CCL or Computer Concepts Limited played an important role for the city during the and immediately after the quakes. Christchurch companies who had the foresight to commit early to cloud computing were among the first to restart following the quakes.
CEO Andrew Allen says one of the advantages he had was the business was deemed an essential service. This meant CCL could get into restricted areas, recover data early and help customers get back on their feet. You can read my interview online, it’s at the bottom of the main story.
At the time I was impressed by CCL. Allen told me in confidence the challenge he faced was that cloud computing was consolidating into ever bigger centres and ever bigger businesses. CCL had few opportunities to make acquisitions and its regional focus limited growth. Allen feared the company might struggle to find the investment needed for further growth.

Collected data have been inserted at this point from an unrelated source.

(* Let $r\in\mathbb{N}$ be odd. For any $n\ge r$, $A>0$ and $\lambda\in[0,1]$, there exists $f\in C^r[-1,1]$, identically $0$ on $[-1,-1/2]$ and nonnegative on $[-1,1]$, such that every algebraic polynomial $P_n$ of degree $\le n$ which is nonnegative on $(\lambda-1/n,\lambda)$ and satisfies $P_n^{(i)}(\lambda)=f^{(i)}(\lambda)$ for $0\le i\le r$ obeys $$\|f-P_n\|>A\,\|f^{(r)}\|.$$
   Context: $\|\cdot\|$ is the sup norm on $[-1,1]$. *)

From Stdlib Require Import Reals.
From Coquelicot Require Import Coquelicot.
Open Scope R_scope.

(* Sup norm on [-1,1] (as an extended real; finite for continuous g). *)
Definition supnorm (g : R -> R) : Rbar :=
  Lub_Rbar (fun y => exists x, -1 <= x <= 1 /\ y = Rabs (g x)).

(* f is r times continuously differentiable (on all of R). *)
Definition Cr_fun (r : nat) (f : R -> R) : Prop :=
  (forall k, (k < r)%nat -> forall x, ex_derive (Derive_n f k) x) /\
  (forall x, continuous (Derive_n f r) x).

Definition poly_eval (c : nat -> R) (n : nat) (x : R) : R :=
  sum_f_R0 (fun k => c k * x ^ k) n.

From Stdlib Require Import Reals Arith Lra Lia Classical.
From Coquelicot Require Import Coquelicot.
Open Scope R_scope.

So it was no surprise to hear that Spark Digital acquired the business earlier this week for NZ$50 million. It’s a good move for both parties.

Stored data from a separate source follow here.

Lemma M_E_M3 n m : n < m -> exists F, M_E E F /\ skips_only wle F m /\
  forall a b p c x, has_level wle a n -> has_level wle b m ->
    word_S a p c = Some x -> wle x b -> word_S b p c = Some (F b).
Proof.
move=> nm; exists (insert_at m (fun s => nth x0 s n)).
split; first exact/insert_at_M_E/boring_nth.
split; first exact: insert_at_skips_only.
move=> a b [|? ?] c x /word_levelE ha /word_levelE hb //= [<-] pb.
rewrite /insert_at hb ltnn take_oversize ?hb // drop_oversize ?hb // cats1.
by rewrite (prefix_nth x0 pb) ?size_rcons ?ha // nth_rcons ha ltnn eqxx.
Qed.

Definition delete_at k (w : word) := take k w ++ drop k.+1 w.

Lemma delete_at_small k w : size w <= k -> delete_at k w = w.
Proof.
by move=> h; rewrite /delete_at take_oversize // drop_oversize ?cats0 //; lia.
Qed.

Lemma size_delete_at k w : k < size w -> size (delete_at k w) = (size w).-1.
Proof.
by move=> h; rewrite /delete_at size_cat size_drop size_takel; [lia|exact: ltnW].
Qed.

Lemma size_delete_at_le k w : size (delete_at k w) <= size w.
Proof.
by rewrite /delete_at size_cat size_drop size_take; case: (ltnP k (size w)); lia.
Qed.

Lemma prefix_delete_at k u w : prefix u w -> size u <= k -> prefix u (delete_at k w).
Proof.
move=> pu su; apply: prefix_catl.
by move: pu; rewrite !prefixE take_takel.
Qed.

Lemma insert_at_delete_at k g w : k < size w -> nth x0 w k = g (take k w) ->
  insert_at k g (delete_at k w) = w.
Proof.
move=> kw hw; have st : size (take k w) = k by rewrite size_takel // ltnW.
rewrite /insert_at /delete_at size_cat st size_drop ltnNge leq_addr /=.
by rewrite take_size_cat // drop_size_cat // -hw -(drop_nth x0 kw) cat_take_drop.
Qed.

CCL adds to Spark Digital’s earlier purchases Revera and Appserv. It strengthens Spark Digital’s position in the South Island and brings the company’s total investment in New Zealand cloud businesses to over NZ$150 million.
That may not compare with the money being spent by global cloud players like AWS, Microsoft or Google, but in a local context it is a huge deal.
Spark Digital is building up a head of steam with its cloud offering. One thing separating Spark Digital’s business from other cloud service providers is that it operates both the data network and the data centres. Customers get to deal with a single service provider in both departments and can keep both aspects of their operations in synch.